La matanza de Sri Lanka, con un saldo de 310 muertos y más de 500 heridos, nos brinda elementos de reflexión. Para empezar, no podemos limitarnos a hablar genéricamente de un suceso trágico, ni de atentados terroristas, sin señalar su carácter religioso. Más que nada, por amor y respeto a las víctimas. Algunas de ellas perdieron la vida en las explosiones que devastaron las iglesias mientras los fieles asistían a la celebración litúrgica de la Pascua. Otras fueron víctimas de las bombas que estallaron en hoteles de lujo. Todas iguales ante la muerte, cuya guadaña siega inexorablemente la vida de todo hombre sin hacer distinción de edad, sexo, cultura, religión ni raza.
Ahora bien, no todos son iguales en el momento que sigue inmediatamente a la muerte, que es el juicio de Dios ante el que comparece toda alma en el momento en que se separa del cuerpo. Ese juicio no iguala, sino que divide, discrimina y supone el cumplimiento de la opción central de nuestra vida: a favor o en contra de Dios, de su ley y de su Iglesia (aquella de la cual es Fundador y Cabeza quien será nuestro Juez, perfectamente justo y de misericordia infinita). Nadie escapa al juicio de Dios, que es distinto para cada uno. A la luz de ello, que es la luz de la fe, tenemos que decir que todos los que murieron en las iglesias están sin ninguna duda en el Paraíso, porque fueron asesinados por odio a la fe. El ISIS reivindicó la masacre, y la autoridades esrilanquesas confirmaron el carácter religioso islamista de los atentados. Es necesario decirlo, insisto, por amor y respeto a las víctimas. Los autores de los atentados odian la fe católica, han atacado a hombres y mujeres bautizados congregados para asistir al culto religioso y celebrar el punto central de la fe cristiana: la Resurrección de Jesucristo, Redentor de la humanidad, único Salvador ante cuyo nombre se inclinan el Cielo y la Tierra. Las víctimas no tenían ni idea de que iban a morir, pero eran personas creyentes que participaban en un acto religioso. La sangre que derramaron purificó su vida.

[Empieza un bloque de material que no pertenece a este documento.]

(* Let $z$ be a perfect element of $D^{2,2,2}$, let $i\neq j$ in $\{1,2,3\}$, and let $u\in D^{2,2,2}$. Suppose that for every indecomposable representation $\rho$, $$\varphi_i(\Phi^+\rho(z))+\varphi_j(\Phi^+\rho(z))=\rho(u).$$ Then $u$ is perfect.
   Context: $D^{2,2,2}$ is the modular lattice generated by $x_1,y_1,x_2,y_2,x_3,y_3$ subject only to $x_i\subseteq y_i$ ($i=1,2,3$), with a greatest element $I$ adjoined. Meet is written $ab$, join $a+b$. A representation $\rho$ of $D^{2,2,2}$ in a finite-dimensional vector space $X_0$ is a lattice morphism from $D^{2,2,2}$ to the subspace lattice of $X_0$, with $\rho(I)=X_0$. Write $X_i=\rho(x_i)\subseteq Y_i=\rho(y_i)$. $\rho$ is indecomposable if $X_0\neq0$ and there is no decomposition $X_0=X'\oplus X''$ with $X',X''\neq0$ and $\rho(a)=(\rho(a)\cap X')+(\rho(a)\cap X'')$ for all $a$. An element $a$ is perfect if $\rho(a)\in\{0,X_0\}$ for every indecomposable $\rho$. Put $R=Y_1\oplus Y_2\oplus Y_3$ and $X^1_0=\{(\eta_1,\eta_2,\eta_3)\in R:\sum\eta_i=0\}$. Let $G'_i\subseteq R$ be the triples with $i$-th coordinate in $X_i$, and $H'_i\subseteq R$ the triples with $i$-th coordinate $0$. $\Phi^+\rho$ is the representation in $X^1_0$ with $\Phi^+\rho(y_i)=G'_i\cap X^1_0$, $\Phi^+\rho(x_i)=H'_i\cap X^1_0$, $\Phi^+\rho(I)=X^1_0$. The elementary map $\varphi_i:X^1_0\to X_0$ is $(\eta_1,\eta_2,\eta_3)\mapsto\eta_i$; $\varphi_i(S)$ denotes the image of a subspace $S$. *)

From HB Require Import structures.
From mathcomp Require Import all_boot all_order all_algebra.
Set Implicit Arguments. Unset Strict Implicit. Unset Printing Implicit Defensive.
Import GRing.Theory.
Local Open Scope ring_scope.
Local Open Scope vspace_scope.

(* Lattice terms over the generators x_i, y_i (i : 'I_3, index i stands for
   i+1 in the paper) and the adjoined top I. Every element of D^{2,2,2} is
   represented by such a term; the value of a representation on an element
   does not depend on the chosen representative (subspace lattices are
   modular), so quantifying over terms = quantifying over D^{2,2,2}. *)
Inductive D222 : Type :=
  | Dx of 'I_3
  | Dy of 'I_3
  | DI
  | Dmeet of D222 & D222
  | Djoin of D222 & D222.

Fixpoint evalD (K : fieldType) (V : vectType K) (top : {vspace V})
    (gx gy : 'I_3 -> {vspace V}) (a : D222) : {vspace V} :=
  match a with
  | Dx i => gx i
  | Dy i => gy i
  | DI => top
  | Dmeet a b => (evalD top gx gy a :&: evalD top gx gy b)%VS
  | Djoin a b => (evalD top gx gy a + evalD top gx gy b)%VS
  end.

(* A representation of D^{2,2,2} in the finite-dimensional space X_0 = V
   (the whole space): subspaces X_i <= Y_i. *)
Record rep (K : fieldType) (V : vectType K) := Rep {
  repX : 'I_3 -> {vspace V};
  repY : 'I_3 -> {vspace V};
  repXY : forall i, (repX i <= repY i)%VS
}.

Definition rho (K : fieldType) (V : vectType K) (r : rep V) (a : D222) :
  {vspace V} := evalD fullv (repX r) (repY r) a.

Definition indecomposable (K : fieldType) (V : vectType K) (r : rep V) : Prop :=
  (fullv != 0 :> {vspace V})%VS /\
  ~ (exists X1 X2 : {vspace V},
       [/\ X1 != 0%VS, X2 != 0%VS, (X1 :&: X2 = 0)%VS, (X1 + X2 = fullv)%VS &
        forall a : D222, rho r a = (rho r a :&: X1 + rho r a :&: X2)%VS]).

Definition perfect (K : fieldType) (a : D222) : Prop :=
  forall (V : vectType K) (r : rep V), indecomposable r ->
    rho r a = 0%VS \/ rho r a = fullv.

Definition triple (K : fieldType) (V : vectType K) := {ffun 'I_3 -> V}.

Definition coordf (K : fieldType) (V : vectType K) (i : 'I_3) :
  'Hom(triple V, V) := linfun (fun eta : triple V => eta i).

No se puede decir lo mismo de las víctimas que se encontraban en hoteles. Ignoramos cuántas de éstas eran cristianas, cuántas creyentes de otras religiones ni cuántas, tal vez la mayoría, no creían en ninguna. Quizás la mayor parte vivían inmersas en el hedonismo y el relativismo religioso. Es indudable que a algunas la muerte las habrá conducido a la salvación eterna. Pero a otras a la condenación eterna.

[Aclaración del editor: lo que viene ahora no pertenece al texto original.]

Lemma mem_new_bags c x : x \in B' c -> exists2 z, z \in up c & x \in B z.
Proof.
have [-> | cNr] := eqVneq c r.
  by rewrite new_bags_root; exists r; rewrite ?mem_up_self.
rewrite new_bagsE // => /setUP [x_c | /bigcupP [z /and3P [_ z_c _] x_z]].
  by exists c; rewrite ?mem_up_self.
by exists z; first exact: up_par_sub z_c.
Qed.

Lemma new_bags_desc_mem c z x : c \in up z -> x \in B z -> x \in B' c -> x \in B c.
Proof.
move=> c_z x_z /mem_new_bags [z' z'_c x_z']; apply: B_connected x_z x_z' _ _.
exact: mem_tpath_up.
Qed.

Lemma record_anc_redundant a b c :
  record_anc a b -> record_anc b c -> record_anc a c -> B' b :&: B' c \subset B' a.
Proof.
move=> rec_ab rec_bc rec_ac; apply/subsetP => x /setIP [x_b x_c].
have [bNr c_b _] := and3P rec_bc; have c_b' := up_par_sub tree bNr c_b.
move: x_b; rewrite new_bagsE // => /setUP [x_b | /bigcupP [z rec_bz x_z]].
  exact/(subsetP (sub_new_bags rec_ac))/(new_bags_desc_mem c_b' x_b x_c).
have [_ z_b _] := and3P rec_bz; have [_ b_a _] := and3P rec_ab.
case: (up_total tree (up_par_sub tree bNr z_b) c_b') => [c_z | [cNr z_c]].
  exact/(subsetP (sub_new_bags rec_ac))/(new_bags_desc_mem c_z x_z x_c).
apply: (subsetP (sub_new_bags (record_anc_trans rec_ab rec_bz _))) x_z.
apply: (leq_trans (layer_le_record_anc rec_ac b_a c_b')).
exact: layer_le_record_anc rec_bz c_b (up_par_sub tree cNr z_c).
Qed.

Lemma record_anc_layer0 a c : record_anc a c -> lay c = 0 -> B' c \subset B' a.
Proof.
move=> rec_ac lay_c; have [c_r | cNr] := eqVneq c r.
  by move: rec_ac; rewrite c_r new_bags_root; apply: sub_new_bags.
rewrite new_bagsE // subUset sub_new_bags //=; apply/bigcupsP => z rec_cz.
by apply/sub_new_bags/(record_anc_trans rec_ac rec_cz); rewrite lay_c.
Qed.
End RecordAncestors.

From Stdlib Require Import Reals.

Theorem lemma4p5 (V N : finType) (E : rel V) (r : N) (par : N -> N)
    (B : N -> {set V}) (d : nat) (k : R) (q : nat) (m : nat -> nat) :
  simple_graph E ->
  rooted_tree r par ->
  tree_decomposition E r par B ->
  (forall v : N, level r par v <= d) ->
  (1 <= k)%R ->
  (forall j : nat, j < q ->
     INR (m j) = (Rpower k (INR j / INR q) * INR d / k)%R /\ 0 < m j) ->
  comb_diam_le r par (new_bags r par q m B) (2 * q + 1).
Proof.
move=> _ tree [_ _ B_connected] _ _ _ s t.
have [Ls [Lt [-> path_s path_t same_last]]] :=
  tpath_split tree s t (record_anc_par q m tree).
apply: (comb_length_two_chains (layer1_le r par q m) _ _ _ path_s path_t same_last).
- by move=> a b c; apply: record_anc_trans.
- by move=> a b c; apply: record_anc_redundant.
- by move=> a c; apply: record_anc_layer0.
Qed.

Los terroristas islámicos eligieron como objetivo los hoteles además de las iglesias por considerarlos lugares de decadencia. Los huéspedes no murieron por ser cristianos, sino por ser occidentales, ya que el islam es una religión política que ve en el Occidente laico y escolarizado la antítesis de su fanatismo religioso.
Está claro que no es lo mismo morir arrodillado en una iglesia que en la cama de un cuarto de hotel. Aquí tocamos un punto que nos permite entender en qué consiste el martirio. Afirma San Agustín que lo que hace mártir no es la muerte por cruel que ésta sea, sino el motivo con que se mata. Este principio no sólo se aplica al martirio (que es el testimonio cristiano llevado al extremo de la muerte), sino a todo sufrimiento humano. A modo de ejemplo, imaginemos dos personas aquejadas de una enfermedad más o menos grave. Una de ellas la acepta con resignación, se la ofrece a Dios y participa de este modo en los sacrificios de la pasión de Cristo. La otra rechaza la dolencia, se rebela contra lo que llama el destino, blasfema y se desespera. Aunque la enfermedad es la misma, el primer paciente obtiene grandes méritos mientras el segundo de mancha con culpas graves.

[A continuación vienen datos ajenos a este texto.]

Lemma div_fun_scale f V x : pderivable f -> pderivable_field V ->
  div (fun y => f y *: V y) x = f x * div V x + dotv (grad f x) (V x).
Proof.
move=> Df DV; rewrite /div /dotv mulr_sumr -big_split; apply: eq_bigr => i _ /=.
rewrite (_ : (fun y => _) = (fun y => f y * V y 0 i)); last first.
  by apply: funext => y; rewrite mxE.
by rewrite (partialM (Df i x) (DV i i x)) gradE [V x 0 i * _]mulrC.
Qed.

Lemma div_scale (c : R) V x : pderivable_field V ->
  div (fun y => c *: V y) x = c * div V x.
Proof.
move=> DV; rewrite /div mulr_sumr; apply: eq_bigr => i _ /=.
rewrite (_ : (fun y => _) = (fun y => c * V y 0 i)); first by apply: deriveMl; exact: DV.
by apply: funext => y; rewrite mxE.
Qed.

Lemma pderivable_Agrad {A : pt -> 'M[R]_N} {f} :
  (forall i j, pderivable (fun y => A y i j)) -> (forall j, pderivable (partial j f)) ->
  pderivable_field (Agrad A f).
Proof.
move=> DA Df i j x.
have -> : (fun y => Agrad A f y 0 i) = \sum_(k < N) (fun y => A y i k * partial k f y).
  by apply: funext => y; rewrite fct_sumE matvE; apply: eq_bigr => k _; rewrite mxE.
by apply: derivable_sum => k; exact: derivableM (DA i k j x) (Df k j x).
Qed.

End VectorCalculus.

Lemma sqrtM_expR_ln {R : realType} (a b : R) : 0 < a -> 0 < b ->
  Num.sqrt (a * b) = expR (2^-1 * (ln a + ln b)).
Proof.
move=> a_gt0 b_gt0; have ab_gt0 := mulr_gt0 a_gt0 b_gt0.
by rewrite -powR12_sqrt ?ltW // /powR gt_eqF // lnM.
Qed.

Lemma sqrtM_expR_half_ln_div {R : realType} (a b : R) : 0 < a -> 0 < b ->
  Num.sqrt (a * b) * expR (2^-1 * ln (a / b)) = a.
Proof.
move=> a_gt0 b_gt0; rewrite sqrtM_expR_ln // -expRD ln_div //.
by rewrite (_ : _ + _ = ln a) ?lnK //; field.
Qed.

Lemma sqrtM_expR_Nhalf_ln_div {R : realType} (a b : R) : 0 < a -> 0 < b ->
  Num.sqrt (a * b) * expR (- (2^-1 * ln (a / b))) = b.
Proof.
move=> a_gt0 b_gt0.
have -> : - (2^-1 * ln (a / b)) = 2^-1 * ln (b / a) by rewrite !ln_div ?posrE //; ring.
by rewrite [a * b]mulrC sqrtM_expR_half_ln_div.
Qed.

Section GaugeTransform.
Context {R : realType} {N : nat}.
Notation pt := 'rV[R]_N.
Variables (A : pt -> 'M[R]_N) (q : pt -> pt) (mu : pt -> R).
Hypothesis A_sym : forall x, (A x)^T = A x.
Hypothesis A_pderivable : forall i j, pderivable (fun x => A x i j).
Hypothesis q_pderivable : pderivable_field q.
Implicit Types (x : pt) (phi alpha beta : pt -> R).

(* [signed_op 1] is [Lop A q mu] and [signed_op (-1)] is its formal adjoint. *)
Definition signed_op (c : R) phi x : R :=
  - div (Agrad A phi) x - c * dotv (q x) (grad phi x)
  - (mu x - (1 - c) / 2 * div q x) * phi x.

Definition gauge_op alpha beta x : R :=
  - div (Agrad A alpha) x
  - (mu x - div q x / 2 + dotv (grad beta x) (Agrad A beta x)
     + dotv (q x) (grad beta x)) * alpha x.

Definition flux alpha beta x : pt := alpha x ^+ 2 *: (Agrad A beta x + 2^-1 *: q x).

Lemma dotv_Agrad_sym f g x :
  dotv (grad f x) (Agrad A g x) = dotv (grad g x) (Agrad A f x).
Proof. exact: dotv_matv_sym. Qed.

Lemma signed_op1 phi x : signed_op 1 phi x = Lop A q mu phi x.
Proof. by rewrite /signed_op /Lop; ring. Qed.

Lemma signed_opN1 phi x : signed_op (-1) phi x =
  - div (Agrad A phi) x + dotv (q x) (grad phi x) - (mu x - div q x) * phi x.
Proof. by rewrite /signed_op; field. Qed.

Section Gauge.
Variables alpha beta : pt -> R.
Hypotheses (alpha_C2 : C2 alpha) (beta_C2 : C2 beta).

Let alpha_pderivable := C1_pderivable (C2_C1 alpha_C2).
Let beta_pderivable := C1_pderivable (C2_C1 beta_C2).
Let Agrad_alpha_pderivable :=
  pderivable_Agrad A_pderivable (fun j => C1_pderivable (C2_partial alpha_C2 j)).
Let Agrad_beta_pderivable :=
  pderivable_Agrad A_pderivable (fun j => C1_pderivable (C2_partial beta_C2 j)).

Lemma grad_expR_scale (c : R) x :
  grad (fun y => expR (c * beta y)) x = (c * expR (c * beta x)) *: grad beta x.
Proof.
have Dcb := C1_pderivable (C2_C1 (C2_scale c beta_C2)).
by rewrite (grad_comp (is_derive_expR _) Dcb) grad_scale // scalerA mulrC.
Qed.

Lemma grad_gauge (c : R) x :
  grad (fun y => alpha y * expR (c * beta y)) x =
  expR (c * beta x) *: (grad alpha x + (c * alpha x) *: grad beta x).
Proof.
have DE := C1_pderivable (C2_C1 (C2_expR (C2_scale c beta_C2))).
rewrite grad_mul // grad_expR_scale.
by apply/rowP => i; rewrite !mxE; ring.
Qed.

Lemma div_Agrad_gauge (c : R) x :
  div (Agrad A (fun y => alpha y * expR (c * beta y))) x =
  expR (c * beta x) * (div (Agrad A alpha) x
    + 2 * c * dotv (grad beta x) (Agrad A alpha x) + c * alpha x * div (Agrad A beta) x
    + c ^+ 2 * alpha x * dotv (grad beta x) (Agrad A beta x)).
Proof.
set E := fun y => expR (c * beta y).
have DE : pderivable E := C1_pderivable (C2_C1 (C2_expR (C2_scale c beta_C2))).
have DcaE : pderivable (fun y => c * alpha y * E y).
  exact: C1_pderivable (C2_C1 (C2M (C2_scale c alpha_C2) (C2_expR (C2_scale c beta_C2)))).
have -> : Agrad A (fun y => alpha y * E y) =
    fun y => E y *: Agrad A alpha y + (c * alpha y * E y) *: Agrad A beta y.
  apply: funext => y; rewrite /Agrad grad_gauge matvZ matvD matvZ.
  by rewrite scalerDr scalerA [E y * _]mulrC.
rewrite divD; last 2 first.
- exact: pderivable_fieldZ.
- exact: pderivable_fieldZ.
have DcA : pderivable (fun y => c * alpha y) := C1_pderivable (C2_C1 (C2_scale c alpha_C2)).
rewrite !div_fun_scale // grad_mul // grad_scale // grad_expR_scale.
rewrite !(dotvDl, dotvZl) (dotv_Agrad_sym alpha beta).
(* Generalizing the atoms keeps [ring] from trying to unfold them. *)
rewrite /E; move: (expR _) (alpha x) (div _ x) (div (Agrad A beta) x)
  (dotv _ (Agrad A alpha x)) (dotv _ (Agrad A beta x)) => e a Da Db Sba Sbb.
ring.
Qed.

Lemma div_flux x :
  div (flux alpha beta) x =
  alpha x ^+ 2 * (div (Agrad A beta) x + div q x / 2)
  + 2 * alpha x * (dotv (grad beta x) (Agrad A alpha x) + dotv (q x) (grad alpha x) / 2).
Proof.
have Da2 : pderivable (fun y => alpha y ^+ 2).
  exact: C1_pderivable (C2_C1 (C2M alpha_C2 alpha_C2)).
have Dq2 : pderivable_field (fun y => 2^-1 *: q y).
  exact: pderivable_fieldZ (C1_pderivable (C2_C1 (C2_cst _))) q_pderivable.
rewrite /flux div_fun_scale //; last exact: pderivable_fieldD.
rewrite divD // div_scale // (grad_mul alpha alpha x alpha_pderivable alpha_pderivable).
rewrite !(dotvDl, dotvDr, dotvZl, dotvZr) (dotv_Agrad_sym alpha beta) (dotvC (grad alpha x)).
move: (alpha x) (div (Agrad A beta) x) (div q x) (dotv _ (Agrad A alpha x)) (dotv (q x) _)
  => a Db Dq Sba Tqa.
ring.
Qed.

Lemma signed_op_gauge (c : R) x : c = 1 \/ c = -1 ->
  alpha x * signed_op c (fun y => alpha y * expR (c * beta y)) x =
  expR (c * beta x) * (alpha x * gauge_op alpha beta x - c * div (flux alpha beta) x).
Proof.
move=> c_sign; rewrite /signed_op /gauge_op div_Agrad_gauge grad_gauge div_flux.
rewrite dotvZr dotvDr dotvZr.
move: (expR _) (alpha x) (mu x) (div q x) (div (Agrad A alpha) x) (div (Agrad A beta) x)
  (dotv _ (Agrad A alpha x)) (dotv _ (Agrad A beta x)) (dotv (q x) (grad alpha x))
  (dotv (q x) (grad beta x)) => e a m Dq Da Db Sba Sbb Tqa Tqb.
by case: c_sign => ->; field.
Qed.

Lemma signed_eigen_gauge (c k : R) phi x : c = 1 \/ c = -1 -> 0 < alpha x ->
  (forall y, phi y = alpha y * expR (c * beta y)) ->
  signed_op c phi x = k * phi x <->
  alpha x * (gauge_op alpha beta x - k * alpha x) = c * div (flux alpha beta) x.
Proof.
move=> c_sign alpha_gt0 phiE; rewrite (funext phiE).
have := signed_op_gauge c x c_sign.
set S := signed_op _ _ _; set G := gauge_op _ _ _; set F := div _ _.
set a := alpha x; set e := expR _ => gauge.
have e_neq0 : e != 0 by rewrite gt_eqF ?expR_gt0.
split=> [eigen|eqG].
  have : e * (a * (G - k * a) - c * F) = 0.
    by rewrite -(subrr (a * S)) {1}gauge eigen; ring.
  by move/eqP; rewrite mulf_eq0 (negbTE e_neq0) subr_eq0 => /eqP.
have a_neq0 : a != 0 by exact: lt0r_neq0.
by apply: (mulfI a_neq0); rewrite gauge -eqG; ring.
Qed.

End Gauge.

Lemma gauge_of_eigenpair (k : R) phi phit :
  C2 phi -> C2 phit -> (forall x, 0 < phi x) -> (forall x, 0 < phit x) ->
  (forall x, signed_op 1 phi x = k * phi x) ->
  (forall x, signed_op (-1) phit x = k * phit x) ->
  let alpha := fun x => Num.sqrt (phi x * phit x) in
  let beta := fun x => 2^-1 * ln (phi x / phit x) in
  [/\ C2 alpha, C2 beta, forall x, gauge_op alpha beta x = k * alpha x
    & forall x, div (flux alpha beta) x = 0].
Proof.
move=> phi_C2 phit_C2 phi_gt0 phit_gt0 phi_eigen phit_eigen alpha beta.
have alpha_gt0 x : 0 < alpha x by rewrite sqrtr_gt0 mulr_gt0.
have alpha_C2 : C2 alpha.
  have -> : alpha = fun x => expR (2^-1 * (ln (phi x) + ln (phit x))).
    by apply: funext => x; exact: sqrtM_expR_ln.
  exact: C2_expR (C2_scale _ (C2D (C2_ln phi_gt0 phi_C2) (C2_ln phit_gt0 phit_C2))).
have beta_C2 : C2 beta.
  have -> : beta = fun x => 2^-1 * (ln (phi x) - ln (phit x)).
    by apply: funext => x; rewrite /beta ln_div ?posrE.
  exact: C2_scale _ (C2D (C2_ln phi_gt0 phi_C2) (C2N (C2_ln phit_gt0 phit_C2))).
have phiE y : phi y = alpha y * expR (1 * beta y).
  by rewrite mul1r sqrtM_expR_half_ln_div.
have phitE y : phit y = alpha y * expR (-1 * beta y).
  by rewrite mulN1r sqrtM_expR_Nhalf_ln_div.
suff gauge_eigen x : gauge_op alpha beta x = k * alpha x /\ div (flux alpha beta) x = 0.
  by split=> // x; have [] := gauge_eigen x.
have gauge_iff := signed_eigen_gauge _ _ alpha_C2 beta_C2.
have eqF := (gauge_iff 1 k phi x (or_introl erefl) (alpha_gt0 x) phiE).1 (phi_eigen x).
have eqNF := (gauge_iff (-1) k phit x (or_intror erefl) (alpha_gt0 x) phitE).1 (phit_eigen x).
move: eqF eqNF; move: (gauge_op _ _ _) (div _ x) => G F eqF eqNF.
have F0 : F = 0 by lra.
split=> //; move: eqF; rewrite F0 mulr0 => /eqP.
by rewrite mulf_eq0 gt_eqF // subr_eq0 => /eqP.
Qed.

Lemma eigenpair_of_gauge (k : R) alpha beta :
  C2 alpha -> C2 beta -> (forall x, 0 < alpha x) ->
  (forall x, gauge_op alpha beta x = k * alpha x) ->
  (forall x, div (flux alpha beta) x = 0) ->
  forall c phi x, c = 1 \/ c = -1 -> (forall y, phi y = alpha y * expR (c * beta y)) ->
  signed_op c phi x = k * phi x.
Proof.
move=> alpha_C2 beta_C2 alpha_gt0 alpha_eigen flux0 c phi x c_sign phiE.
apply/(signed_eigen_gauge _ _ alpha_C2 beta_C2 c k phi x c_sign (alpha_gt0 x) phiE).
by rewrite alpha_eigen flux0 subrr !mulr0.
Qed.

End GaugeTransform.

Theorem proposition2p6 (R : realType) (N : nat)
  (eps : 'I_N -> 'rV[R]_N) (L : 'I_N -> R)
  (A : 'rV[R]_N -> 'M[R]_N) (q : 'rV[R]_N -> 'rV[R]_N) (mu : 'rV[R]_N -> R) :
  orthonormal_fam eps ->
  (forall i, 0 < L i) ->
  (* A : cell_periodic, symmetric, C^1, uniformly elliptic *)
  cell_periodic eps L A ->
  (forall x, (A x)^T = A x) ->
  (forall i j : 'I_N, C1 (fun x => A x i j)) ->
  (exists gamma Gamma : R, [/\ 0 < gamma, gamma <= Gamma &
     forall x xi, gamma * dotv xi xi <= dotv xi (matv (A x) xi) <= Gamma * dotv xi xi]) ->
  (* q : cell_periodic, C^1 *)
  cell_periodic eps L q ->
  (forall i : 'I_N, C1 (fun x => q x 0 i)) ->
  (* mu : cell_periodic, continuous *)
  cell_periodic eps L mu ->
  continuous mu ->
  let k := k0 eps L A q mu in
  (* (i) *)
  (forall phi phit : 'rV[R]_N -> R,
     C2 phi -> C2 phit ->
     (forall x, 0 < phi x) -> (forall x, 0 < phit x) ->
     cell_periodic eps L phi -> cell_periodic eps L phit ->
     (forall x, - div (Agrad A phi) x - dotv (q x) (grad phi x) - mu x * phi x
                = k * phi x) ->
     (forall x, - div (Agrad A phit) x + dotv (q x) (grad phit x)
                - (mu x - div q x) * phit x = k * phit x) ->
     cell_integral eps L (fun x => phi x * phit x) = 1 ->
     let alpha := fun x => Num.sqrt (phi x * phit x) in
     let beta := fun x => 2^-1 * ln (phi x / phit x) in
     [/\ C2 alpha /\ C2 beta,
       (forall x, - div (Agrad A alpha) x
          - (mu x - div q x / 2 + dotv (grad beta x) (Agrad A beta x)
             + dotv (q x) (grad beta x)) * alpha x = k * alpha x),
       (forall x, - div (fun y => (alpha y ^+ 2) *: (Agrad A beta y + 2^-1 *: q y)) x = 0),
       (forall x, 0 < alpha x) &
       cell_periodic eps L alpha /\ cell_periodic eps L beta]) /\
  (* (ii) *)
  (forall alpha beta : 'rV[R]_N -> R,
     C2 alpha -> C2 beta ->
     (forall x, 0 < alpha x) -> cell_periodic eps L alpha -> cell_periodic eps L beta ->
     (forall x, - div (Agrad A alpha) x
          - (mu x - div q x / 2 + dotv (grad beta x) (Agrad A beta x)
             + dotv (q x) (grad beta x)) * alpha x = k * alpha x) ->
     (forall x, - div (fun y => (alpha y ^+ 2) *: (Agrad A beta y + 2^-1 *: q y)) x = 0) ->
     let phi := fun x => alpha x * expR (beta x) in
     let phit := fun x => alpha x * expR (- beta x) in
     [/\ C2 phi /\ C2 phit,
       (forall x, 0 < phi x) /\ (forall x, 0 < phit x),
       cell_periodic eps L phi /\ cell_periodic eps L phit,
       (forall x, - div (Agrad A phi) x - dotv (q x) (grad phi x) - mu x * phi x
                = k * phi x) &
       (forall x, - div (Agrad A phit) x + dotv (q x) (grad phit x)
                - (mu x - div q x) * phit x = k * phit x)]).
Proof.
move=> _ _ _ A_sym A_C1 _ _ q_C1 _ _ k.
have A_pderivable i j := C1_pderivable (A_C1 i j).
have q_pderivable i := C1_pderivable (q_C1 i).
split.
- move=> phi phit phi_C2 phit_C2 phi_gt0 phit_gt0 phi_per phit_per phi_eigen phit_eigen _.
  move=> alpha beta.
  have [] := gauge_of_eigenpair A q mu A_sym A_pderivable q_pderivable k phi phit
    phi_C2 phit_C2
    phi_gt0 phit_gt0 (fun x => etrans (signed_op1 A q mu phi x) (phi_eigen x))
    (fun x => etrans (signed_opN1 A q mu phit x) (phit_eigen x)).
  move=> alpha_C2 beta_C2 alpha_eigen flux0.
  split=> [|x|x|x|].
  + exact: conj alpha_C2 beta_C2.
  + exact: alpha_eigen.
  + by rewrite flux0 oppr0.
  + by rewrite sqrtr_gt0 mulr_gt0.
  + by split=> x i; rewrite /alpha /beta phi_per phit_per.
- move=> alpha beta alpha_C2 beta_C2 alpha_gt0 alpha_per beta_per alpha_eigen flux0 phi phit.
  have flux_eq0 x : div (flux A q alpha beta) x = 0 by rewrite -[LHS]opprK flux0 oppr0.
  have eigen := eigenpair_of_gauge A q mu A_sym A_pderivable q_pderivable k alpha beta
    alpha_C2 beta_C2
    alpha_gt0 alpha_eigen flux_eq0.
  split.
  + exact: conj (C2M alpha_C2 (C2_expR beta_C2)) (C2M alpha_C2 (C2_expR (C2N beta_C2))).
  + by split=> x; rewrite mulr_gt0 ?expR_gt0.
  + by split=> x i; rewrite /phi /phit alpha_per beta_per.
  + move=> x; rewrite -[LHS]/(Lop A q mu phi x) -signed_op1.
    by apply: eigen => [|y]; [left | rewrite mul1r].
  + move=> x; rewrite -signed_opN1.
    by apply: eigen => [|y]; [right | rewrite mulN1r].
Qed.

Vivimos tiempos de persecución, y para muchos, no de martirio cruento sino blanco, como se califica cuando se padece por la fe católica sin derramar necesariamente la propia sangre. En el fondo es lo que siempre han hecho los confesores de la Fe, dando testimonio de la Verdad con la palabra y con el ejemplo. No todos estamos llamados al martirio, pero cada uno estamos llamados a ser confesores de la Fe con la palabra y con el ejemplo dentro de nuestras modestas posibilidades.